> _TASK BRIEF_
After locating the line that contains "Definition Cconj (z" in the records below, write out exactly that line and each line after it through the one that contains "Definition enum3 : list", and nothing else.

Dataset entries:
========

(* Let $\left|\Omega\right\rangle=\frac{1}{\sqrt5}\big(|000\rangle+|011\rangle+|101\rangle+|110\rangle+|111\rangle\big)$ be a three-qubit state (parties $A,B,C$), and let $\rho_C=\mathrm{Tr}_{AB}\left|\Omega\right\rangle\left\langle\Omega\right|$. Then $$E_{MB}(\left|\Omega\right\rangle)=E_R(\left|\Omega\right\rangle)=E_{Hmin}(\left|\Omega\right\rangle)=S(\rho_C)=H_2\!\Big[\tfrac12\big(1+\tfrac1{\sqrt5}\big)\Big]\approx0.8505,$$ where $H_2(x)=-x\log_2x-(1-x)\log_2(1-x)$.
   Context: Entanglement measurement bound (EMB). Let $\left|\psi\right\rangle$ be a unit vector in $\mathcal{H}_1\otimes\cdots\otimes\mathcal{H}_N$, $\mathcal{H}_j=\mathbb{C}^{d_j}$. An adaptive local measurement scheme consists of: an ordering $\pi$ of the parties $\{1,\dots,N\}$; an orthonormal basis $\{|\phi^{(1)}_{i_1}\rangle\}_{i_1}$ of $\mathcal{H}_{\pi(1)}$; and, for each $k=2,\dots,N$ and each outcome history $(i_1,\dots,i_{k-1})$, an orthonormal basis $\{|\phi^{(k)}_{i_k|i_1\dots i_{k-1}}\rangle\}_{i_k}$ of $\mathcal{H}_{\pi(k)}$ (which may depend on the history). Its outcome distribution is $p_{i_1\dots i_N}=\big|\big(\langle\phi^{(1)}_{i_1}|\otimes\langle\phi^{(2)}_{i_2|i_1}|\otimes\cdots\otimes\langle\phi^{(N)}_{i_N|i_1\dots i_{N-1}}|\big)\left|\psi\right\rangle\big|^2$, where the $k$-th bra acts on the tensor factor of party $\pi(k)$. The EMB is $E_{MB}(\left|\psi\right\rangle)=\min H(\mathbf{p})$, where $H(\mathbf{p})=-\sum p_{i_1\dots i_N}\log_2 p_{i_1\dots i_N}$ is the Shannon entropy and the minimum is over all adaptive local measurement schemes (including all orderings of the parties). Relative entropy of entanglement: $E_R(\left|\psi\right\rangle)=\min_{\sigma}\big(-\langle\psi|\log_2\sigma|\psi\rangle\big)$, the minimum over all fully separable three-qubit states $\sigma$ (convex combinations of product states $\sigma_A\otimes\sigma_B\otimes\sigma_C$). Minimal measurement entropy (non-adaptive): for a three-qubit pure state, $E_{Hmin}(\left|\psi\right\rangle)=\min\big(-\sum_{l,m=0}^1p'_{lm}\log_2p'_{lm}\big)$, where $p'_{lm}=\big\|(\langle\alpha_l|\otimes\langle\beta_m|\otimes I)\left|\psi\right\rangle\big\|^2$ and the minimum is over all orthonormal bases $\{|\alpha_0\rangle,|\alpha_1\rangle\}$ of party $A$'s qubit and $\{|\beta_0\rangle,|\beta_1\rangle\}$ of party $B$'s qubit (Bob's basis not depending on Alice's outcome). *)

From Stdlib Require Import Reals List.
Import ListNotations.
Open Scope R_scope.

Record Cx := mkC { re : R ; im : R }.
Definition C0 : Cx := mkC 0 0.
Definition C1 : Cx := mkC 1 0.
Definition RtoC (r : R) : Cx := mkC r 0.
Definition Cadd (z w : Cx) : Cx := mkC (re z + re w) (im z + im w).
Definition Cmul (z w : Cx) : Cx :=
  mkC (re z * re w - im z * im w) (re z * im w + im z * re w).
Definition Cconj (z : Cx) : Cx := mkC (re z) (- im z).
Definition Cnorm2 (z : Cx) : R := re z * re z + im z * im z.

Definition sumC {I : Type} (l : list I) (f : I -> Cx) : Cx :=
  fold_right (fun i acc => Cadd (f i) acc) C0 l.
Definition sumR {I : Type} (l : list I) (f : I -> R) : R :=
  fold_right (fun i acc => f i + acc) 0 l.

(* computational basis of a qubit C^2 : {0,1} = bool (false = 0, true = 1) *)
Definition enumB : list bool := [false; true].
(* computational basis of three qubits (A,B,C) *)
Definition Idx3 := (bool * bool * bool)%type.
Definition enum3 : list Idx3 :=
  flat_map (fun a => flat_map (fun b => map (fun c => (a, b, c)) enumB) enumB) enumB.
Definition eqb3 (x y : Idx3) : bool :=
  match x, y with
  | (a, b, c), (a', b', c') => Bool.eqb a a' && Bool.eqb b b' && Bool.eqb c c'
  end.

Definition inner {I : Type} (l : list I) (u v : I -> Cx) : Cx :=
  sumC l (fun x => Cmul (Cconj (u x)) (v x)).

(* e : K -> (vector indexed by I) is an orthonormal family indexed by l *)
Definition orthonormal {I : Type} (l : list I) (eqb : I -> I -> bool)
    (e : I -> I -> Cx) : Prop :=
  forall i j, inner l (e i) (e j) = if eqb i j then C1 else C0.

Definition qubit_ONB (e : bool -> bool -> Cx) : Prop := orthonormal enumB Bool.eqb e.
Definition ONB3 (e : Idx3 -> Idx3 -> Cx) : Prop := orthonormal enum3 eqb3 e.

Definition log2 (x : R) : R := ln x / ln 2.
Definition hterm (p : R) : R := if Req_dec_T p 0 then 0 else - p * log2 p.
Definition H2 (x : R) : R := hterm x + hterm (1 - x).

Definition State3 := bool -> bool -> bool -> Cx.
Definition vec3 (psi : State3) : Idx3 -> Cx :=
  fun x => match x with (a, b, c) => psi a b c end.

Definition Omega : State3 := fun a b c =>
  match a, b, c with
  | false, false, false | false, true, true | true, false, true
  | true, true, false | true, true, true => RtoC (/ sqrt 5)
  | _, _, _ => C0
  end.
(* Let $G$ be a connected bipartite graph with $G\not\cong K_2$. Then $\chi'_{2}(\overleftrightarrow{G}) = \chi'_{1,2}(\overleftrightarrow{G})$.
   Context: For a simple graph $G$, the symmetric digraph $\overleftrightarrow{G}$ is obtained by replacing each edge $uv$ of $G$ by the pair of opposite arcs $\overrightarrow{uv}$ and $\overrightarrow{vu}$. A monochromatic 2-path is a pair of arcs $\overrightarrow{uv},\overrightarrow{vw}$ with $w\neq u$ of the same colour; a monochromatic 2-cycle is a pair $\overrightarrow{uv},\overrightarrow{vu}$ of the same colour. $\chi'_{1,2}(\overleftrightarrow{G})$ is the least number of colours in an arc-colouring of $\overleftrightarrow{G}$ with no monochromatic 2-cycles and no monochromatic 2-paths; $\chi'_{2}(\overleftrightarrow{G})$ is the least number of colours in an arc-colouring of $\overleftrightarrow{G}$ with no monochromatic 2-paths (monochromatic 2-cycles allowed). *)

From mathcomp Require Import all_boot.
Set Implicit Arguments. Unset Strict Implicit. Unset Printing Implicit Defensive.

Record sgraph (T : finType) := SGraph {
  adj : rel T;
  adj_sym : symmetric adj;
  adj_irr : irreflexive adj }.

Section Defs.
Variables (T : finType) (G : sgraph T).

Definition connected_graph : Prop := forall x y : T, connect (adj G) x y.

Definition bipartite : Prop :=
  exists A : {set T}, forall x y, adj G x y -> (x \in A) != (y \in A).

Definition iso_K2 : Prop :=
  exists f : T -> 'I_2, bijective f /\ forall x y, adj G x y = (f x != f y).

(* An arc colouring of the symmetric digraph with k colours: a colour for
   every ordered pair (u,v); only pairs with adj G u v (arcs) matter. *)
Definition no_mono_2path k (c : {ffun T * T -> 'I_k}) : bool :=
  [forall u, forall v, forall w,
     [&& adj G u v, adj G v w & w != u] ==> (c (u, v) != c (v, w))].

Definition no_mono_2cycle k (c : {ffun T * T -> 'I_k}) : bool :=
  [forall u, forall v, adj G u v ==> (c (u, v) != c (v, u))].

Definition col2 (k : nat) : bool :=
  [exists c : {ffun T * T -> 'I_k}, no_mono_2path c].

Definition col12 (k : nat) : bool :=
  [exists c : {ffun T * T -> 'I_k}, no_mono_2path c && no_mono_2cycle c].

Lemma col12_exists : exists k, col12 k.
Proof.
exists #|{: T * T}|; apply/existsP.
exists [ffun p => enum_rank p]; apply/andP; split.
- apply/forallP => u; apply/forallP => v; apply/forallP => w.
  apply/implyP => /and3P [huv _ _]; rewrite !ffunE.
  apply/negP => /eqP /enum_rank_inj [Euv _].
  by move: huv; rewrite Euv adj_irr.
- apply/forallP => u; apply/forallP => v; apply/implyP => huv; rewrite !ffunE.
  apply/negP => /eqP /enum_rank_inj [Euv _].
  by move: huv; rewrite Euv adj_irr.
Qed.

Lemma col2_exists : exists k, col2 k.
Proof.
have [k /existsP [c /andP [h _]]] := col12_exists.
by exists k; apply/existsP; exists c.
Qed.

Definition chi2 : nat := ex_minn col2_exists.
Definition chi12 : nat := ex_minn col12_exists.

End Defs.

(* Always chi'_2 <= chi'_{1,2}, and colouring every arc by the side of its
   tail shows chi'_{1,2} <= 2 for a bipartite graph.  If G contains a path
   u v w on three vertices, the arcs uv and vw form a 2-path, so
   chi'_2 >= 2 and both invariants equal 2.  Otherwise every vertex has degree
   at most 1: a connected such graph is either K_2 (excluded) or has no edge,
   and without arcs the two colouring conditions coincide. *)
From mathcomp Require Import all_boot.
Set Implicit Arguments. Unset Strict Implicit. Unset Printing Implicit Defensive.

Section ArcColourings.
Variables (T : finType) (G : sgraph T).

Lemma col12_col2 k : col12 G k -> col2 G k.
Proof. by case/existsP => c /andP [c_2path _]; apply/existsP; exists c. Qed.

Lemma edgeless_col2_col12 k : (forall x y, ~~ adj G x y) -> col2 G k -> col12 G k.
Proof.
move=> edgeless /existsP [c c_2path]; apply/existsP; exists c.
rewrite c_2path; apply/forallP => u; apply/forallP => v.
by rewrite (negbTE (edgeless u v)).
Qed.

Lemma bipartite_col12 : bipartite G -> col12 G 2.
Proof.
case=> A sideA; apply/existsP.
exists [ffun p : T * T => if p.1 \in A then (ord0 : 'I_2) else ord_max].
apply/andP; split.
- apply/forallP => u; apply/forallP => v; apply/forallP => w.
  apply/implyP => /and3P [huv _ _]; rewrite !ffunE /=.
  by move: (sideA _ _ huv); case: (u \in A); case: (v \in A).
- apply/forallP => u; apply/forallP => v; apply/implyP => huv; rewrite !ffunE /=.
  by move: (sideA _ _ huv); case: (u \in A); case: (v \in A).
Qed.

Lemma col2_gt1 u v w k :
  adj G u v -> adj G v w -> w != u -> col2 G k -> 1 < k.
Proof.
move=> huv hvw hwu /existsP [c /forallP /(_ u) /forallP /(_ v) /forallP /(_ w)].
rewrite huv hvw hwu /=; apply: contraR; rewrite -leqNgt => k_le1.
apply/eqP/val_inj.
have := ltn_ord (c (u, v)); have := ltn_ord (c (v, w)).
by case: k k_le1 c => [|[|]] //= _ c; do 2!case: (nat_of_ord _).
Qed.

Lemma chi2_min k : col2 G k -> chi2 G <= k.
Proof. by rewrite /chi2; case: ex_minnP => m _; apply. Qed.

Lemma chi12_min k : col12 G k -> chi12 G <= k.
Proof. by rewrite /chi12; case: ex_minnP => m _; apply. Qed.

Lemma col2_chi2 : col2 G (chi2 G).
Proof. by rewrite /chi2; case: ex_minnP. Qed.

Lemma col12_chi12 : col12 G (chi12 G).
Proof. by rewrite /chi12; case: ex_minnP. Qed.

Lemma chi2_le_chi12 : chi2 G <= chi12 G.
Proof. exact/chi2_min/col12_col2/col12_chi12. Qed.

End ArcColourings.

Section P3Free.
Variables (T : finType) (G : sgraph T).

Definition P3_free : Prop := forall a b c, adj G a b -> adj G b c -> c = a.

Lemma P3_or_P3_free :
  (exists u v w, [/\ adj G u v, adj G v w & w != u]) \/ P3_free.
Proof.
have [/existsP [u /existsP [v /existsP [w /and3P [huv hvw hwu]]]] | noP3] :=
  boolP [exists u, exists v, exists w, [&& adj G u v, adj G v w & w != u]].
  by left; exists u, v, w.
right=> a b c hab hbc; apply/eqP; apply: contraNT noP3 => hca.
by apply/existsP; exists a; apply/existsP; exists b; apply/existsP; exists c;
  rewrite hab hbc hca.
Qed.

Lemma edge_or_edgeless : (exists x y, adj G x y) \/ (forall x y, ~~ adj G x y).
Proof.
have [/existsP [x /existsP [y hxy]] | noedge] := boolP [exists x, exists y, adj G x y].
  by left; exists x, y.
right=> x y; apply: contraNN noedge => hxy.
by apply/existsP; exists x; apply/existsP; exists y.
Qed.

Hypothesis G_P3_free : P3_free.
Variables (x y : T).
Hypothesis hxy : adj G x y.

Lemma P3_free_edge_closed : closed (adj G) (pred2 x y).
Proof.
have hyx : adj G y x by rewrite adj_sym.
have side a b : adj G a b -> pred2 x y a -> pred2 x y b.
  move=> hab /pred2P [] Ea; rewrite {}Ea in hab.
  - by rewrite /= (G_P3_free hyx hab) eqxx orbT.
  - by rewrite /= (G_P3_free hxy hab) eqxx.
move=> a b hab; apply/idP/idP; first exact: side.
by apply: side; rewrite adj_sym.
Qed.

Lemma connected_P3_free_K2 : connected_graph G -> iso_K2 G.
Proof.
move=> G_conn.
have vertices z : (z == x) || (z == y).
  by have := closed_connect P3_free_edge_closed (G_conn x z); rewrite !inE eqxx => <-.
have y_neq_x : (y == x) = false by apply: contraTF hxy => /eqP ->; rewrite adj_irr.
exists (fun z => if z == x then (ord0 : 'I_2) else ord_max); split.
  exists (fun i : 'I_2 => if i == ord0 then x else y).
    move=> z; case: (eqVneq z x) => [-> //| z_neq_x].
    by move: (vertices z); rewrite (negbTE z_neq_x) => /eqP.
  by case=> [[|[|]] ?] //=; rewrite ?eqxx ?y_neq_x //; apply: val_inj.
have hyx : adj G y x by rewrite adj_sym.
move=> a b; move: (vertices a) (vertices b) => /orP [] /eqP -> /orP [] /eqP ->;
  by rewrite ?eqxx ?y_neq_x ?adj_irr ?hxy ?hyx.
Qed.

End P3Free.

Theorem mainTheorem5 (T : finType) (G : sgraph T) :
  connected_graph G -> bipartite G -> ~ iso_K2 G -> chi2 G = chi12 G.
Proof.
move=> G_conn G_bip notK2; apply/eqP; rewrite eqn_leq chi2_le_chi12 /=.
have [[u [v [w [huv hvw hwu]]]] | G_P3_free] := P3_or_P3_free G.
  have chi12_le2 := chi12_min (bipartite_col12 G_bip).
  exact: leq_trans chi12_le2 (col2_gt1 huv hvw hwu (col2_chi2 G)).
have [[x [y hxy]] | edgeless] := edge_or_edgeless G.
  by case: (notK2 (connected_P3_free_K2 G_P3_free hxy G_conn)).
exact/chi12_min/edgeless_col2_col12/col2_chi2.
Qed.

========

> _TASK ANSWER_
Definition Cconj (z : Cx) : Cx := mkC (re z) (- im z).
Definition Cnorm2 (z : Cx) : R := re z * re z + im z * im z.

Definition sumC {I : Type} (l : list I) (f : I -> Cx) : Cx :=
  fold_right (fun i acc => Cadd (f i) acc) C0 l.
Definition sumR {I : Type} (l : list I) (f : I -> R) : R :=
  fold_right (fun i acc => f i + acc) 0 l.

(* computational basis of a qubit C^2 : {0,1} = bool (false = 0, true = 1) *)
Definition enumB : list bool := [false; true].
(* computational basis of three qubits (A,B,C) *)
Definition Idx3 := (bool * bool * bool)%type.
Definition enum3 : list Idx3 :=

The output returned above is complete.